Punny Captions: Witty Wordplay in Image Descriptions
This addresses the challenge of creating engaging and humorous content for image captioning, though it is incremental as it builds on existing captioning methods.
The paper tackled the problem of generating witty image descriptions using puns, developing retrieval and neural network approaches that showed substantial improvements over baselines in human studies, with the model's descriptions sometimes rated slightly wittier than human-written ones under similar constraints.

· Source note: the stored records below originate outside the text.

Theorem lemma3p2 (gamma : nat -> R) (E0 y0 : R) :
  admissible_mixture gamma ->
  genuine_mixture gamma ->
  pure_like gamma ->
  is_E0 gamma E0 ->
  is_y0 gamma E0 y0 ->
  exists alpha beta : R, 0 < alpha /\ 0 < beta /\
  exists eps0 : R, 0 < eps0 /\
  forall eps : R, 0 < eps < eps0 ->
    (forall x y : R, - E0 - eps < x < - E0 + eps ->
       ~ (- y0 - alpha * sqrt eps < y < - y0 + alpha * sqrt eps) ->
       F gamma x y < 0) /\
    (forall x y : R, - E0 - eps < x < - E0 + eps ->
       - y0 - alpha * sqrt eps < y < - y0 + alpha * sqrt eps ->
       F gamma x y < beta * sqrt eps).
Proof.
  intros Hadm _ Hpl [[Hub Hlub] _] Hy0.
  assert (Hmax : forall y, F gamma (- E0) y <= 0) by (intros y; apply Hub; exists y; reflexivity).
  assert (Hzero : F gamma (- E0) (- y0) = 0).
  { apply Rle_antisym; [apply Hmax | apply Hlub; intros v [y ->]; apply Hy0]. }
  pose proof (xi2_pos gamma Hadm Hpl) as Hb.
  change (F gamma) with (F_ab (xi1 gamma) (xi2 gamma)) in *.
  destruct (F_ab_quadratic_decay _ _ _ _ Hb (xi2_gt_of_G_pos _ _ Hb Hpl) Hmax Hzero)
    as [HD [k [Hk Hdecay]]].
  destruct (F_ab_perturbation _ _ _ _ _ HD Hdecay) as (A & B & HA & HB & Hpert).
  destruct (quadratic_window k A B Hk HA HB) as (alpha & beta & Hal & Hbe & Hwin).
  exists alpha, beta. split; [exact Hal|]. split; [exact Hbe|].
  exists 1. split; [lra|]. intros eps Heps.
  assert (Hbound : forall x y, - E0 - eps < x < - E0 + eps ->
    F_ab (xi1 gamma) (xi2 gamma) x y
    <= - k * Rabs (y - - y0) ^ 2 + eps * (A + B * Rabs (y - - y0))).
  { intros x y Hx. eapply Rle_trans; [apply Hpert|]. apply Rplus_le_compat_l.
    apply Rmult_le_compat_r; [pose proof (Rabs_pos (y - - y0)); nra|].
    left. apply Rabs_lt_between'. exact Hx. }
  split; intros x y Hx Hy;
    destruct (Hwin eps (Rabs (y - - y0)) Heps (Rabs_pos _)) as [Hout Hin];
    (eapply Rle_lt_trans; [apply Hbound, Hx|]).
  - apply Hout, Rnot_lt_le. intros Hlt. apply Hy, Rabs_lt_between', Hlt.
  - apply Hin, Rabs_lt_between', Hy.
Qed.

Wit is a form of rich interaction that is often grounded in a specific situation (e.g., a comment in response to an event). In this work, we attempt to build computational models that can produce witty descriptions for a given image. Inspired by a cognitive account of humor appreciation, we employ linguistic wordplay, specifically puns, in image descriptions. We develop two approaches which involve retrieving witty descriptions for a given image from a large corpus of sentences, or generating them via an encoder-decoder neural network architecture. We compare our approach against meaningful baseline approaches via human studies and show substantial improvements. We find that when a human is subject to similar constraints as the model regarding word usage and style, people vote the image descriptions generated by our model to be slightly wittier than human-written witty descriptions. Unsurprisingly, humans are almost always wittier than the model when they are free to choose the vocabulary, style, etc.